▸ Information provided:
(* Let $R\in\{\mathrm{ML},\mathrm{wML},\mathrm{C},\mathrm{S}\}$. Then there is a precise forecasting system $\varphi$ for which every path $\omega\in\Omega$ is $R$-random; moreover, any such precise forecasting system is necessarily non-stationary and non-computable.
   Context: Notation: $\mathbb N=\{1,2,\dots\}$, $\mathbb N_0=\mathbb N\cup\{0\}$. $\Omega=\{0,1\}^{\mathbb N}$ is the set of paths $\omega=(\omega_1,\omega_2,\dots)$; $\omega_{1:n}=(\omega_1,\dots,\omega_n)$, $\omega_{1:0}=\square$. $\mathbb S=\bigcup_{n\in\mathbb N_0}\{0,1\}^n$ is the set of situations, $|s|$ the length, $sx$ concatenation. $\mathscr I$ is the set of closed intervals $I\subseteq[0,1]$. For $r\in[0,1]$, $f:\{0,1\}\to\mathbb R$: $E_r(f)=rf(1)+(1-r)f(0)$; $\overline E_I(f)=\max_{r\in I}E_r(f)$. A forecasting system is a map $\varphi:\mathbb S\to\mathscr I$; $\underline\varphi(s)=\min\varphi(s)$, $\overline\varphi(s)=\max\varphi(s)$; precise if each $\varphi(s)$ is a singleton; stationary if constant. A real process is $F:\mathbb S\to\mathbb R$; $\Delta F(s)$ is $x\mapsto F(sx)-F(s)$. $M$ is a supermartingale for $\varphi$ if $\overline E_{\varphi(s)}(\Delta M(s))\le0$ for all $s$. A test process is a non-negative real process with $F(\square)=1$; a test supermartingale for $\varphi$ is a test process that is a supermartingale for $\varphi$. A multiplier process $D$ assigns to each $s$ a function $D(s):\{0,1\}\to[0,\infty)$ and generates the test process $F(\square)=1$, $F(sx)=F(s)D(s)(x)$. Computability: maps from countable effectively encoded domains to $\mathbb N_0$ or $\mathbb Q$ are recursive if Turing-computable; a real map $r$ on a domain $\mathscr D$ is lower semicomputable if $r(d)=\lim_nq(d,n)$ for a recursive rational $q$ non-decreasing in $n$, computable if $|r(d)-q(d,n)|<2^{-n}$ for a recursive rational $q$. A forecasting system is computable if $\underline\varphi,\overline\varphi$ are computable. $\mathscr F_{\mathrm{ML}}$: lower semicomputable test processes; $\mathscr F_{\mathrm{wML}}$: test processes generated by lower semicomputable multiplier processes; $\mathscr F_{\mathrm C}=\mathscr F_{\mathrm S}$: positive rational-valued recursive test processes. $\overline{\mathbb T}_R(\varphi)$: elements of $\mathscr F_R$ that are test supermartingales for $\varphi$. For $R\in\{\mathrm{ML},\mathrm{wML},\mathrm C\}$, $\omega$ is $R$-random for $\varphi$ if no $T\in\overline{\mathbb T}_R(\varphi)$ has $\limsup_nT(\omega_{1:n})=\infty$. A real growth function is a computable, non-decreasing, unbounded $\tau:\mathbb N_0\to[0,\infty)$; $\omega$ is S-random for $\varphi$ if there are no $T\in\overline{\mathbb T}_{\mathrm S}(\varphi)$ and real growth function $\tau$ with $\limsup_n[T(\omega_{1:n})-\tau(n)]\ge0$. *)

From Stdlib Require Import Reals Lra List.
Import ListNotations.
Open Scope R_scope.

▸ Task statement:
Give the material again, complete and unaltered.

▸ Answer space:
(* Let $R\in\{\mathrm{ML},\mathrm{wML},\mathrm{C},\mathrm{S}\}$. Then there is a precise forecasting system $\varphi$ for which every path $\omega\in\Omega$ is $R$-random; moreover, any such precise forecasting system is necessarily non-stationary and non-computable.
   Context: Notation: $\mathbb N=\{1,2,\dots\}$, $\mathbb N_0=\mathbb N\cup\{0\}$. $\Omega=\{0,1\}^{\mathbb N}$ is the set of paths $\omega=(\omega_1,\omega_2,\dots)$; $\omega_{1:n}=(\omega_1,\dots,\omega_n)$, $\omega_{1:0}=\square$. $\mathbb S=\bigcup_{n\in\mathbb N_0}\{0,1\}^n$ is the set of situations, $|s|$ the length, $sx$ concatenation. $\mathscr I$ is the set of closed intervals $I\subseteq[0,1]$. For $r\in[0,1]$, $f:\{0,1\}\to\mathbb R$: $E_r(f)=rf(1)+(1-r)f(0)$; $\overline E_I(f)=\max_{r\in I}E_r(f)$. A forecasting system is a map $\varphi:\mathbb S\to\mathscr I$; $\underline\varphi(s)=\min\varphi(s)$, $\overline\varphi(s)=\max\varphi(s)$; precise if each $\varphi(s)$ is a singleton; stationary if constant. A real process is $F:\mathbb S\to\mathbb R$; $\Delta F(s)$ is $x\mapsto F(sx)-F(s)$. $M$ is a supermartingale for $\varphi$ if $\overline E_{\varphi(s)}(\Delta M(s))\le0$ for all $s$. A test process is a non-negative real process with $F(\square)=1$; a test supermartingale for $\varphi$ is a test process that is a supermartingale for $\varphi$. A multiplier process $D$ assigns to each $s$ a function $D(s):\{0,1\}\to[0,\infty)$ and generates the test process $F(\square)=1$, $F(sx)=F(s)D(s)(x)$. Computability: maps from countable effectively encoded domains to $\mathbb N_0$ or $\mathbb Q$ are recursive if Turing-computable; a real map $r$ on a domain $\mathscr D$ is lower semicomputable if $r(d)=\lim_nq(d,n)$ for a recursive rational $q$ non-decreasing in $n$, computable if $|r(d)-q(d,n)|<2^{-n}$ for a recursive rational $q$. A forecasting system is computable if $\underline\varphi,\overline\varphi$ are computable. $\mathscr F_{\mathrm{ML}}$: lower semicomputable test processes; $\mathscr F_{\mathrm{wML}}$: test processes generated by lower semicomputable multiplier processes; $\mathscr F_{\mathrm C}=\mathscr F_{\mathrm S}$: positive rational-valued recursive test processes. $\overline{\mathbb T}_R(\varphi)$: elements of $\mathscr F_R$ that are test supermartingales for $\varphi$. For $R\in\{\mathrm{ML},\mathrm{wML},\mathrm C\}$, $\omega$ is $R$-random for $\varphi$ if no $T\in\overline{\mathbb T}_R(\varphi)$ has $\limsup_nT(\omega_{1:n})=\infty$. A real growth function is a computable, non-decreasing, unbounded $\tau:\mathbb N_0\to[0,\infty)$; $\omega$ is S-random for $\varphi$ if there are no $T\in\overline{\mathbb T}_{\mathrm S}(\varphi)$ and real growth function $\tau$ with $\limsup_n[T(\omega_{1:n})-\tau(n)]\ge0$. *)

From Stdlib Require Import Reals Lra List.
Import ListNotations.
Open Scope R_scope.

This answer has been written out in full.